Figure 11-5. Processes regulating sleep. Several processes that regulate sleep/wake are shown here. The circadian wake drive is a result of input (light, melatonin, activity) to the suprachiasmatic nucleus. Homeostatic sleep drive increases the longer one is awake and decreases with sleep. As the day progresses, circadian wake drive diminishes and homeostatic sleep drive increases until a tipping point is reached and the ventrolateral preoptic sleep promoter (VLPO) is triggered to release GABA in the tuberomammillary nucleus (TMN) and inhibit wakefulness. Sleep itself consists of multiple phases that recur in a cyclical manner; this process is known as the ultradian cycle, and is depicted at the top of this figure.

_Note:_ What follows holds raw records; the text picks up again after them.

Lemma spreading_sets_cover (T : finType) (S : nat -> T -> {set T}) (e : nat -> rel T) :
  (forall r, r \in S 0%N r) -> (forall k r, S k r \subset S k.+1 r) ->
  (forall k, exists2 rt, (forall i, connect (e k) rt i) &
     (forall x y, e k x y -> x \in S k rt -> y \in S k.+1 rt)) ->
  forall n, (#|T| * #|T| <= n)%N -> exists r, forall i, i \in S n r.
Proof.
move=> S0 SS He; set N := (#|T| * #|T|)%N.
have mono r : {homo S^~ r : k l / (k <= l)%N >-> k \subset l}.
  apply: homo_leq => [A|A B C h1 h2|k]; first exact: fintype.subxx.
    exact: fintype.subset_trans h1 h2.
  exact: SS.
have Sr k r : r \in S k r by apply: (fintype.subsetP (mono r _ _ (leq0n k))).
suff [r Sr_full] : exists r, forall i, i \in S N r.
  by move=> n Nn; exists r => i; apply: (fintype.subsetP (mono r _ _ Nn)).
case: (boolP [exists r, [forall i, i \in S N r]]) => [/existsP[r /forallP]|].
  by exists r.
rewrite negb_exists => /forallP notfull.
(* Phi k grows at every step before some S N r is full, but never exceeds N. *)
pose Phi k := (\sum_r #|S k r|)%N.
have grow k : (k < N)%N -> (Phi k < Phi k.+1)%N.
  move=> kN; have [rt conn edge] := He k.
  have [y yS] : exists y, y \notin S k rt.
    have /forallPn[y yN] := notfull rt; exists y; apply: contra yN.
    exact: (fintype.subsetP (mono rt _ _ (ltnW kN))).
  have [x [z [exz xS zS]]] := connect_exit_edge (conn y) (Sr k rt) yS.
  have prop : S k rt \proper S k.+1 rt.
    by apply/fintype.properP; split; [exact: SS | exists z => //; exact: edge exz xS].
  rewrite /Phi (bigD1 rt) //= [X in (_ < X)%N](bigD1 rt) //= -addSn.
  rewrite leq_add ?proper_card //; apply: leq_sum => r _; exact: subset_leq_card.
have lowb k : (k <= N)%N -> (k + #|T| <= Phi k)%N.
  elim: k => [_|k IH kN]; last by have := grow k kN; have := IH (ltnW kN); lia.
  rewrite add0n /Phi -sum1_card; apply: leq_sum => r _.
  by rewrite card_gt0; apply/set0Pn; exists r.
have upb : (Phi N <= N)%N.
  rewrite /Phi /N -sum_nat_const; apply: leq_sum => r _; exact: max_card.
have [rt _ _] := He 0%N; have T0 : (0 < #|T|)%N by apply/card_gt0P; exists rt.
by have := lowb N (leqnn N); lia.
Qed.

Lemma eta_ge_shared_column (R : realType) (m : nat) (V : 'M[R]_m) (x : R) :
  x <= 1 -> (forall i k, 0 <= V i k) ->
  (forall i j, exists k, x <= V i k /\ x <= V j k) -> x <= eta V.
Proof.
move=> x1 V0 Vx; rewrite /eta.
elim/big_ind: _ => // [y z hy hz|i _]; first by rewrite le_min hy hz.
elim/big_ind: _ => // [y z hy hz|j _]; first by rewrite le_min hy hz.
have [k [xi xj]] := Vx i j; rewrite (bigD1 k) //=.
rewrite ler_wpDr ?le_min ?xi ?xj //.
by rewrite sumr_ge0 // => l _; rewrite le_min !V0.
Qed.

Section Consensus.
Variables (R : realType) (m : nat) (L : R -> 'M[R]_m) (sigma M1 delta T : R).
Variable V : R -> R -> 'M[R]_m.
Local Notation mu := (@lebesgue_measure R).

Hypothesis L_measurable : forall i j, measurable_fun setT (fun t => L t i j).
Hypothesis L_offdiag_ge0 : forall t i j, i != j -> 0 <= L t i j.
Hypothesis L_bounded : forall t i j, `|L t i j| <= M1.
Hypothesis M1_ge0 : 0 <= M1.
Hypothesis sigma_gt0 : 0 < sigma.
Hypothesis V_solves : solution_matrix sigma L V.
Hypothesis delta_gt0 : 0 < delta.
Hypothesis T_gt0 : 0 < T.
Hypothesis L_spanning : forall t1, 0 <= t1 ->
  has_spanning_tree (G_edge L t1 (t1 + T) delta).

Let a s i k := sigma * L s i k.
Let K := sigma * M1.
Let p := (Num.Def.archi_bound (2 * K * T)).+1.
Let decay := (1 / 2 : R) ^+ p.
Let spread := Num.min decay (decay * decay * sigma * delta).
Let grid t0 (k : nat) := t0 + k%:R * T.

Lemma scaled_bound_ge0 : 0 <= K.
Proof. by rewrite mulr_ge0 // ltW. Qed.

Lemma scaled_measurable i k : measurable_fun setT (fun s => a s i k).
Proof. exact: measurable_funM. Qed.

Lemma scaled_offdiag_ge0 s i k : i != k -> 0 <= a s i k.
Proof. by move=> ik; rewrite mulr_ge0 ?L_offdiag_ge0 // ltW. Qed.

Lemma scaled_bounded s i k : `|a s i k| <= K.
Proof. by rewrite normrM gtr0_norm // ler_wpM2l // ltW. Qed.

Lemma decay_gt0 : 0 < decay.
Proof. by rewrite exprn_gt0. Qed.

Lemma spread_gt0 : 0 < spread.
Proof.
have d0 := decay_gt0.
by rewrite /spread lt_min d0 (mulr_gt0 (mulr_gt0 (mulr_gt0 d0 d0) sigma_gt0) delta_gt0).
Qed.

Lemma spread_le1 : spread <= 1.
Proof. by rewrite /spread ge_min /decay exprn_ile1 //; lra. Qed.

Lemma V_start t0 i r : V t0 t0 i r = (i == r)%:R.
Proof. by have [_ ->] := V_solves (lexx t0) i r; rewrite Rintegral_itv_pt addr0. Qed.

Lemma column_solves t0 r t : t0 <= t -> forall i,
  mu.-integrable `[t0, t] (EFin \o (fun s => \sum_(k < m) a s i k * V s t0 k r)) /\
  V t t0 i r = V t0 t0 i r + \int[mu]_(s in `[t0, t]) \sum_(k < m) a s i k * V s t0 k r.
Proof.
move=> ht i; have [I E] := V_solves ht i r.
have fe : (fun s => sigma * \sum_(k < m) L s i k * V s t0 k r) =
          (fun s => \sum_(k < m) a s i k * V s t0 k r).
  by apply/funext => s; rewrite mulr_sumr; apply: eq_bigr => k _; rewrite mulrA.
rewrite fe in E; split; first by rewrite -fe.
by rewrite E V_start.
Qed.

Lemma V_ge0 t0 t i r : t0 <= t -> 0 <= V t t0 i r.
Proof.
move=> ht; apply: (solution_ge0 scaled_measurable scaled_offdiag_ge0 scaled_bounded
  scaled_bound_ge0 (@column_solves t0 r)) => // k.
by rewrite V_start ler0n.
Qed.

Lemma V_window_lower t0 r (s D c : R) i j :
  t0 <= s -> 0 <= D -> D <= T -> 0 <= c -> c = 0 \/ j != i ->
  (forall tau, s <= tau -> tau <= s + D -> c <= V tau t0 j r) ->
  decay * (V s t0 i r + c * (sigma * \int[mu]_(x in `[s, s + D]) L x i j))
    <= V (s + D) t0 i r.
Proof.
move=> hs D0 DT c0 hc cu.
have K2 : 0 <= 2 * K by rewrite mulr_ge0 ?scaled_bound_ge0.
have hKD : 2 * K * D <= p%:R.
  apply: (le_trans (ler_wpM2l K2 DT)); apply: ltW.
  apply: (lt_le_trans (archi_boundP (mulr_ge0 K2 (ltW T_gt0)))).
  by rewrite /p ler_nat leqnSn.
rewrite -RintegralZl //; last first.
  exact: integrable_itv_bounded _ _ (L_measurable i j) (fun t => L_bounded t i j).
apply: (solution_window_lower scaled_measurable scaled_offdiag_ge0 scaled_bounded
  scaled_bound_ge0 (@column_solves t0 r)) => //.
by move=> k; rewrite V_start ler0n.
Qed.
(* Let $F \in S$ be a homogeneous form of degree $d$ and let $\alpha \in T_1$ be a linear form. Then $r(F) \geq \mathrm{al}(\alpha\circ F) - \mathrm{al}(\alpha^2\circ F)$.
   Context: $S=\mathbb{C}[x_1,\dots,x_n]$, $T=\mathbb{C}[\alpha_1,\dots,\alpha_n]$ acting on $S$ by $\alpha_i\mapsto\partial/\partial x_i$ (written $\Theta\circ F$). $\mathrm{al}(G)=\dim_{\mathbb{C}}\{\Theta\circ G:\Theta\in T\}$ is the apolar length (dimension of the space of all partial derivatives of all orders of $G$, including $G$; it is $0$ if $G=0$). $r(F)$ is the Waring rank: the least $r$ with $F=\sum_{i=1}^r c_i\ell_i^d$ for linear forms $\ell_i$ and scalars $c_i$. *)

From HB Require Import structures.
From mathcomp Require Import all_boot all_order all_algebra.
Set Implicit Arguments. Unset Strict Implicit. Unset Printing Implicit Defensive.
Import Order.TTheory GRing.Theory Num.Theory.
Local Open Scope ring_scope.

(* Model of the polynomial ring S = K[x_1..x_n] restricted to the
   finite-dimensional subspace P_{n,d} of polynomials in which every
   variable occurs with exponent <= d.  This subspace contains every
   polynomial of total degree <= d and is closed under all partial
   derivatives, so everything in the statement lives in it. *)

Notation mon n d := {ffun 'I_n -> 'I_d.+1}.

Notation mpoly K n d := {ffun mon n d -> K^o}.

Section MPoly.
Variables (K : fieldType) (n d : nat).

Definition mdeg (m : mon n d) : nat := (\sum_(i < n) (m i : nat))%N.

Definition homogeneous (e : nat) (p : mpoly K n d) : Prop :=
  forall m : mon n d, p m != 0 -> mdeg m = e.

(* product (monomials whose exponents would exceed d are dropped; this is
   exact on products of total degree <= d, e.g. powers l^k, k <= d) *)
Definition mmul (p q : mpoly K n d) : mpoly K n d :=
  [ffun m : mon n d => \sum_(m1 : mon n d) \sum_(m2 : mon n d |
      [forall i, ((m1 i : nat) + (m2 i : nat) == (m i : nat))%N])
      p m1 * q m2].

Definition mone : mpoly K n d :=
  [ffun m : mon n d => if [forall i, (m i : nat) == 0%N] then 1 else 0].

Definition mpow (p : mpoly K n d) (k : nat) : mpoly K n d := iter k (mmul p) mone.

Definition linform (a : 'I_n -> K) : mpoly K n d :=
  [ffun m : mon n d => \sum_(i < n)
     if ((m i : nat) == 1%N) && (mdeg m == 1%N) then a i else 0].

(* m + e_i (only used when m i < d) *)
Definition mbump (m : mon n d) (i : 'I_n) : mon n d :=
  [ffun j : 'I_n => if j == i then inord (m j).+1 else m j].

Definition pderiv (i : 'I_n) (p : mpoly K n d) : mpoly K n d :=
  [ffun m : mon n d => if ((m i : nat) < d)%N then ((m i).+1)%:R * p (mbump m i) else 0].

Definition pderivm (a : mon n d) (p : mpoly K n d) : mpoly K n d :=
  foldr (fun i q => iter (a i) (pderiv i) q) p (enum 'I_n).

(* apolar action of the linear form alpha = sum_i a_i alpha_i in T_1 *)
Definition lin_apolar (a : 'I_n -> K) (G : mpoly K n d) : mpoly K n d :=
  \sum_(i < n) a i *: pderiv i G.

(* Derivative orders with some exponent > d
   annihilate every element of P_{n,d}, so they are omitted. *)
Definition apolar_length (G : mpoly K n d) : nat :=
  \dim <<[seq pderivm a G | a <- enum (mon n d)]>>%VS.

Definition waring_decomp (F : mpoly K n d) (r : nat) : Prop :=
  exists (c : 'I_r -> K) (l : 'I_r -> 'I_n -> K),
    F = \sum_(j < r) c j *: mpow (linform (l j)) d.

End MPoly.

Two key neurotransmitters regulate the sleep/wake switch: histamine from the TMN and GABA (γ-aminobutyric acid) from the VLPO. Thus, when the sleep/wake switch is on, the wake promoter TMS is active and histamine is released (Figure 11-4). This occurs both in the cortex to facilitate arousal, and in the VLPO to inhibit the sleep promoter. As the day progresses, circadian wake drive diminishes and homeostatic sleep drive increases (Figure 11-5); eventually a tipping point is reached, and the VLPO sleep promoter is triggered, the sleep/wake switch is turned off, and GABA is released in the TMN to inhibit wakefulness (Figure 11-4).

Disorders characterized by excessive daytime sleepiness can be conceptualized as the sleep/wake switch being off during the daytime. Wake-promoting treatments such as modafinil given during the day tip the balance back to wakefulness by promoting the release of histamine from TMN neurons. The exact mechanism of this enhancement of histamine release by modafinil or stimulants is not known, but is currently hypothesized to be related in part to a downstream consequence of the actions of wake-promoting drugs on dopamine neurons, especially by blocking the dopamine transporter DAT.

On the other hand, disorders characterized by insomnia can be conceptualized as the sleep/wake switch being on at night. Insomnia can be treated either by agents that enhance GABA actions, and thus inhibit the wake promoter, or by agents that block the action of histamine released from the wake promoter and act at postsynaptic H₁ receptors.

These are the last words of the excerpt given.